Work required: In the records below, begin at the line that has "apply ex_derive_continuous. eexists." and stop after the line that has "(forall x, continuous f x) ->"; quote those lines verbatim and nothing more.
Top of Data records
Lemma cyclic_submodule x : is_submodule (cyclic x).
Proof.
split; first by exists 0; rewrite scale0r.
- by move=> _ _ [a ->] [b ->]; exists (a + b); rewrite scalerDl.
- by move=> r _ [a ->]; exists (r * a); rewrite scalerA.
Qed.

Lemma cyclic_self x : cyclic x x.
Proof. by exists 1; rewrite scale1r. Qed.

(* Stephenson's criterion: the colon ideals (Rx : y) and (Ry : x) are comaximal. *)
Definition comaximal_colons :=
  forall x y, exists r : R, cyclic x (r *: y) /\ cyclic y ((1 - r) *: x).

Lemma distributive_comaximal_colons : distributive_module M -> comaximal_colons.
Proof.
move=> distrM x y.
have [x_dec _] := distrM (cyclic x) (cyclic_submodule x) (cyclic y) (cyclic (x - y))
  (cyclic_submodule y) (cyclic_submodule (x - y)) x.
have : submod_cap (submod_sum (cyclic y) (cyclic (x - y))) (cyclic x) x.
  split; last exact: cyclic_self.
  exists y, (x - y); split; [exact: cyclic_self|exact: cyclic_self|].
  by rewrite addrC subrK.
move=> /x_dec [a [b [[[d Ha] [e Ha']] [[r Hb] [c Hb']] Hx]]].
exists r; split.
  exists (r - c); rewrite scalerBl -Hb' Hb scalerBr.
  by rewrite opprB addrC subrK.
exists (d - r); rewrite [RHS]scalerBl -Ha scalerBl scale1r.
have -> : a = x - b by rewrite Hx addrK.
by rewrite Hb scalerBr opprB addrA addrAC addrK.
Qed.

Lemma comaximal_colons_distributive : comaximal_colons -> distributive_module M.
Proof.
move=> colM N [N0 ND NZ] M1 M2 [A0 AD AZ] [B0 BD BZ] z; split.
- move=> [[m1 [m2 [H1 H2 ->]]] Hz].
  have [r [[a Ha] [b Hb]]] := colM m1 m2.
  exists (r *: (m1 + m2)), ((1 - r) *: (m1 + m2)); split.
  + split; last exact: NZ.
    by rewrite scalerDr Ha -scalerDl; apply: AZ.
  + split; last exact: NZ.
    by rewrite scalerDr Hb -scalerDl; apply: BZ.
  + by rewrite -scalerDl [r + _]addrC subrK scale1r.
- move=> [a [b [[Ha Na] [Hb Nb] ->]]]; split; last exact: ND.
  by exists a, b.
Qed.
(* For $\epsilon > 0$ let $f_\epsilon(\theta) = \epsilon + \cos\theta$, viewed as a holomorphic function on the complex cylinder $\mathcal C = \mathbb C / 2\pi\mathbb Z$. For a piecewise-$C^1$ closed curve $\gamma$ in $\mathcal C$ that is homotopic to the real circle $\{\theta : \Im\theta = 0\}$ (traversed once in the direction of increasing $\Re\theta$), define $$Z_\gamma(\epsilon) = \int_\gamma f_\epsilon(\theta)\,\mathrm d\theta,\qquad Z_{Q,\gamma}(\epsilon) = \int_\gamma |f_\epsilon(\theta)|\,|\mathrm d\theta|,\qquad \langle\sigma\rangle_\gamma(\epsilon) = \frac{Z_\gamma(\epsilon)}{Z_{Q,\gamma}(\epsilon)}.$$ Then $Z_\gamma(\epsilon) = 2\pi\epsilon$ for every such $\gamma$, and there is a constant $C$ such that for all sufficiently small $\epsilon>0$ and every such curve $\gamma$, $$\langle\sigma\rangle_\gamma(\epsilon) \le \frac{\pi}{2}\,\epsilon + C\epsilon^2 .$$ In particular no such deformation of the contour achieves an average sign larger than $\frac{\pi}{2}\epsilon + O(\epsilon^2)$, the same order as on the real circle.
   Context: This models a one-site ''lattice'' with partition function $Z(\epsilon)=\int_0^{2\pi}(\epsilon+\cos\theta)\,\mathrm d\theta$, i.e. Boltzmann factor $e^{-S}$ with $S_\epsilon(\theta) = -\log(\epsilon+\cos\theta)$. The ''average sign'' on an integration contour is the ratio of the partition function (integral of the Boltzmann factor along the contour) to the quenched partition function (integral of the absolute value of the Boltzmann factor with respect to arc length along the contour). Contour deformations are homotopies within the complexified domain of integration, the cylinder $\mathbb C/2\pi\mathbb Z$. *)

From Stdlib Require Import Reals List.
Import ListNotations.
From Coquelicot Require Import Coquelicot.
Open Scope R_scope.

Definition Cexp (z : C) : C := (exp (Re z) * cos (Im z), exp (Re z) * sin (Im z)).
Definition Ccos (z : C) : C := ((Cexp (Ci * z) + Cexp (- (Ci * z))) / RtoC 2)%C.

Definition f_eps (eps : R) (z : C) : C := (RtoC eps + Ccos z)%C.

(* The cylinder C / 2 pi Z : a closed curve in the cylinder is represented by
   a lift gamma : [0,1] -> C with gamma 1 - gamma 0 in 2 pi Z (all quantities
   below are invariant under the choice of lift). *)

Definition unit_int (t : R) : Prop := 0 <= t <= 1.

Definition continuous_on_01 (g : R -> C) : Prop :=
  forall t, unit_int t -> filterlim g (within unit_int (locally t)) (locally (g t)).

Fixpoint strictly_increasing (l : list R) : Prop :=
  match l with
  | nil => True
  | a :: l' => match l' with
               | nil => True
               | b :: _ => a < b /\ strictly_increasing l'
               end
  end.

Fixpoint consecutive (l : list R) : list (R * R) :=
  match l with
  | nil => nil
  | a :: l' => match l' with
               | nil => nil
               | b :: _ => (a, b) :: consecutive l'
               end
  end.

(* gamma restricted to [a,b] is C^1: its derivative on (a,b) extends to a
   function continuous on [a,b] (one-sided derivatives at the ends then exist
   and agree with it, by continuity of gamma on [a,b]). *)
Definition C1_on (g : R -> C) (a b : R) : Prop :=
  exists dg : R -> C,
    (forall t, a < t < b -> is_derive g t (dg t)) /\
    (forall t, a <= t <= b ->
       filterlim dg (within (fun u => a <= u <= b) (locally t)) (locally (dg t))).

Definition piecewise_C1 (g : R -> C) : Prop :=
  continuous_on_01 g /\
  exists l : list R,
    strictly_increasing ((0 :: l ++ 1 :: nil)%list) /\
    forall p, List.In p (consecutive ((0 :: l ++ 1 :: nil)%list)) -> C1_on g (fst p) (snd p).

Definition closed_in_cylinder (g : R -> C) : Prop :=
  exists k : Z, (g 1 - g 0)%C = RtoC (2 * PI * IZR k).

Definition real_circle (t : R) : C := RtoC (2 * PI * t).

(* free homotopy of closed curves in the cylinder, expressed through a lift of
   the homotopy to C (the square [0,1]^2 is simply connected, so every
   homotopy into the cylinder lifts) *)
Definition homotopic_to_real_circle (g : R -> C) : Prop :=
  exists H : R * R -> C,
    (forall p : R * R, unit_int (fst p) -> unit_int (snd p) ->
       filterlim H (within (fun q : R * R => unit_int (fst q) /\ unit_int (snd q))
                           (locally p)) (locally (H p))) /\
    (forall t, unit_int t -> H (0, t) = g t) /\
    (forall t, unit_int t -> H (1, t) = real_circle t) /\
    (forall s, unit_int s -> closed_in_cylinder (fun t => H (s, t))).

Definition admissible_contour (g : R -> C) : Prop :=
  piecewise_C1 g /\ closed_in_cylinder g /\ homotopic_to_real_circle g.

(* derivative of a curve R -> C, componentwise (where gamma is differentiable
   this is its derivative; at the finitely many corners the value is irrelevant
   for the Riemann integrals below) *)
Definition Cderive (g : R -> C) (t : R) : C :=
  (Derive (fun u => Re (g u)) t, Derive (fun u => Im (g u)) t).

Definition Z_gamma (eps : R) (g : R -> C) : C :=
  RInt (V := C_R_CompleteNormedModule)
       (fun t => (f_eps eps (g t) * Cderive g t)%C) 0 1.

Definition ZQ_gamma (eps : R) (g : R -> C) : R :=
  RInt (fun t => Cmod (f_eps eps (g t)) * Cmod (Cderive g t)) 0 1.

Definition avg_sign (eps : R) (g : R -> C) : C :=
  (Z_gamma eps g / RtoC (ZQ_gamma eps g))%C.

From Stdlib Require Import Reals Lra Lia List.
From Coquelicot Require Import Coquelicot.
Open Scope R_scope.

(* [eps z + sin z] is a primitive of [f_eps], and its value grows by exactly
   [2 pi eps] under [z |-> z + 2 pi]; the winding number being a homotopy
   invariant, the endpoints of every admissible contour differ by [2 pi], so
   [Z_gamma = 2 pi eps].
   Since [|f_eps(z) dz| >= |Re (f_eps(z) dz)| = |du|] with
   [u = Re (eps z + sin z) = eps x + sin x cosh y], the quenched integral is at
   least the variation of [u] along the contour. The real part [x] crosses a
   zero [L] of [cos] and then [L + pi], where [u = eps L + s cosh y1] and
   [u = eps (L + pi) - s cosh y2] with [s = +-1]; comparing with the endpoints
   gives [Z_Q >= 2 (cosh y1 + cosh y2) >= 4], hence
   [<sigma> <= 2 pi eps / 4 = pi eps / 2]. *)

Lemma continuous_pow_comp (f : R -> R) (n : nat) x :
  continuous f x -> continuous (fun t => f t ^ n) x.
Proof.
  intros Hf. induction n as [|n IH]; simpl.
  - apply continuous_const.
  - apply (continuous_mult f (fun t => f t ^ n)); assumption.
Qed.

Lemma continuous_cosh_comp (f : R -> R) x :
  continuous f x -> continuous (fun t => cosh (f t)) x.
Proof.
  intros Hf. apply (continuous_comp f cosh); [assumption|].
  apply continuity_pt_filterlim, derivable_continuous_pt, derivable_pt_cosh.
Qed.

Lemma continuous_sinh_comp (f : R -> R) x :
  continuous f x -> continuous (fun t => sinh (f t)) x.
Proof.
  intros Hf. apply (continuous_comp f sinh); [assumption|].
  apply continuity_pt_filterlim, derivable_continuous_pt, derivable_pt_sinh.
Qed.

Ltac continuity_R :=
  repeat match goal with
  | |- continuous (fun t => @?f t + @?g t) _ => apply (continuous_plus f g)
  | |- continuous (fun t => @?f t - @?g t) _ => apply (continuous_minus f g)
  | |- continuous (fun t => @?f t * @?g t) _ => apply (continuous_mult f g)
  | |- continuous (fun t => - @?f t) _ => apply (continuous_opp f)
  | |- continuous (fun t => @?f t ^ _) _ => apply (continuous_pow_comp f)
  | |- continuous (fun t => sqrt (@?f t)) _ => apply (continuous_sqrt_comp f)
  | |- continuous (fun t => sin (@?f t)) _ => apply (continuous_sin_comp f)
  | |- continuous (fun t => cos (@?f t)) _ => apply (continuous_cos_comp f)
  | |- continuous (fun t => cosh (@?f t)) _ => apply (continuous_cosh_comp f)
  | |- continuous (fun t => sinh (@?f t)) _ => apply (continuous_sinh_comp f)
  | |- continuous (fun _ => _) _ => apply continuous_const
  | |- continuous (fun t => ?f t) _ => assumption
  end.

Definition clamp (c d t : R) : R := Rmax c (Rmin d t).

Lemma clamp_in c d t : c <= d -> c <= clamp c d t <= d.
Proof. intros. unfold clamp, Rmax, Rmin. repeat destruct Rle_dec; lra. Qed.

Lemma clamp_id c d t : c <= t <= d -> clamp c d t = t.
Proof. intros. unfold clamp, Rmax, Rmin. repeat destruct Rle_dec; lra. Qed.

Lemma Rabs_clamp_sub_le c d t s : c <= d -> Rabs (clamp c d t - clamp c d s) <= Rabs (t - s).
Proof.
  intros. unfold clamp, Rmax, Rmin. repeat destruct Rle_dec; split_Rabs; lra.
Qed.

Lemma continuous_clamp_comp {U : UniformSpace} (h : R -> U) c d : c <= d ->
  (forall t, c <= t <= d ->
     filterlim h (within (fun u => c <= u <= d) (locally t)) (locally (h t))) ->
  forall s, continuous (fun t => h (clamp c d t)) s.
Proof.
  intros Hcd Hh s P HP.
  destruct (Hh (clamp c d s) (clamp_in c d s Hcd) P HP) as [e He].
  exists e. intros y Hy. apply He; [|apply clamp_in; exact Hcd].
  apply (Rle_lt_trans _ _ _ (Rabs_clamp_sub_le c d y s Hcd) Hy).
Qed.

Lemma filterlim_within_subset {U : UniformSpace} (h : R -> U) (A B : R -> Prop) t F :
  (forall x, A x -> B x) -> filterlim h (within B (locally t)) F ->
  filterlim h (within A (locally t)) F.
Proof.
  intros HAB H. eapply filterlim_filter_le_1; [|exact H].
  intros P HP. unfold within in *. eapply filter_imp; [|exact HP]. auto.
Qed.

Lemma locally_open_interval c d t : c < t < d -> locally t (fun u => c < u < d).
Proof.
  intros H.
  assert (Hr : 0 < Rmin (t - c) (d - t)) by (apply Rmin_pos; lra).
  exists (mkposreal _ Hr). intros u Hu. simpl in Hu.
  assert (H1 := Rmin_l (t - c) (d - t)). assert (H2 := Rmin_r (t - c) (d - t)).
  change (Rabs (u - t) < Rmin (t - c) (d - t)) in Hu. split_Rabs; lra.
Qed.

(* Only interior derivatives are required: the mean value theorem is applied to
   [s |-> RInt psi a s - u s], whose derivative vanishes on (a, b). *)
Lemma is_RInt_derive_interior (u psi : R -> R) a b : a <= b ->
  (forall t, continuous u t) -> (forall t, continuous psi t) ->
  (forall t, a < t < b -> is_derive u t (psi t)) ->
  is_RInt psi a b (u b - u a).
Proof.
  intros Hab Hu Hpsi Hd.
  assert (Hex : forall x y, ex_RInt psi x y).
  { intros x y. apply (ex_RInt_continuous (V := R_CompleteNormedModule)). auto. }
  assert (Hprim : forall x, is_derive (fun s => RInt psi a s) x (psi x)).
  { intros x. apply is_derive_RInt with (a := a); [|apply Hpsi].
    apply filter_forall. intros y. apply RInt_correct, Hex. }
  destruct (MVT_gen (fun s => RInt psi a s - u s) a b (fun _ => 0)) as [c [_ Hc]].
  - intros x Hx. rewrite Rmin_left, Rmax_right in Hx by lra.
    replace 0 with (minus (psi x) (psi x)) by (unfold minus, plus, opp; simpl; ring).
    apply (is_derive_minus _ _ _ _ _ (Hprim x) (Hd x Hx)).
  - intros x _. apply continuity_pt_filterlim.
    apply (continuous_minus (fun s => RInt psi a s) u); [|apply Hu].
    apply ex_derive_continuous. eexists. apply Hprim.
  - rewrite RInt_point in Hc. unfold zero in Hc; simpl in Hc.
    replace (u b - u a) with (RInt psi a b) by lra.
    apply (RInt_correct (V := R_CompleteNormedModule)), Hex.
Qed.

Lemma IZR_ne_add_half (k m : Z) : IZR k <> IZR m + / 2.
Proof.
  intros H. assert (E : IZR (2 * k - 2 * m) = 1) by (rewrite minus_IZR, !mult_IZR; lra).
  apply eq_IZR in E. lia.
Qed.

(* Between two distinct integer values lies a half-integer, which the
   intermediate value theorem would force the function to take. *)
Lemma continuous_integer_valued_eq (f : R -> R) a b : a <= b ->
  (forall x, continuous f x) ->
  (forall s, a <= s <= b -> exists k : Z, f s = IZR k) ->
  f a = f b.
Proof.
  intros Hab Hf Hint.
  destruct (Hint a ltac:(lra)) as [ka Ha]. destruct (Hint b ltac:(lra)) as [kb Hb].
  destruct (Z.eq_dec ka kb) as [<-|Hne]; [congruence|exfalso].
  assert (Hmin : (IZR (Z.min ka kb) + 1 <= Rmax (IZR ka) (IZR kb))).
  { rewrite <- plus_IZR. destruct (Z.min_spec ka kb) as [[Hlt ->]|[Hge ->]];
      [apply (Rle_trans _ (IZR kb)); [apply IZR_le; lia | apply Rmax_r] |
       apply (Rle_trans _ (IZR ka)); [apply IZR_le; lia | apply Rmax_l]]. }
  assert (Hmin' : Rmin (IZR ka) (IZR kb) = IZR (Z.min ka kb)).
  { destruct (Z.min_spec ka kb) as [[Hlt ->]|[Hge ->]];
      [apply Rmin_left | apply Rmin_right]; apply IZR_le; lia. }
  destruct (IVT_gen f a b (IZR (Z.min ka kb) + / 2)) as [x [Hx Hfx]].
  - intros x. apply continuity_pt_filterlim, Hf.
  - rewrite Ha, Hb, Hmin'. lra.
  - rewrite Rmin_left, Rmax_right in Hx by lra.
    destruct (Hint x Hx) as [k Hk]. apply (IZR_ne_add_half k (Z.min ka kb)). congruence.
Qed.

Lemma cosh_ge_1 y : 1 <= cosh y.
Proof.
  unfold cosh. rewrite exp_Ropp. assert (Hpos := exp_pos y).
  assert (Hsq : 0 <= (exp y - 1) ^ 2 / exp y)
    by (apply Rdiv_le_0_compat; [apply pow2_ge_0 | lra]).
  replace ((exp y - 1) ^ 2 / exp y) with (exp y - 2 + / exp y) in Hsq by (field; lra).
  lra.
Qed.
Bottom of Data records
Response to the exercise:
    apply ex_derive_continuous. eexists. apply Hprim.
  - rewrite RInt_point in Hc. unfold zero in Hc; simpl in Hc.
    replace (u b - u a) with (RInt psi a b) by lra.
    apply (RInt_correct (V := R_CompleteNormedModule)), Hex.
Qed.

Lemma IZR_ne_add_half (k m : Z) : IZR k <> IZR m + / 2.
Proof.
  intros H. assert (E : IZR (2 * k - 2 * m) = 1) by (rewrite minus_IZR, !mult_IZR; lra).
  apply eq_IZR in E. lia.
Qed.

(* Between two distinct integer values lies a half-integer, which the
   intermediate value theorem would force the function to take. *)
Lemma continuous_integer_valued_eq (f : R -> R) a b : a <= b ->
  (forall x, continuous f x) ->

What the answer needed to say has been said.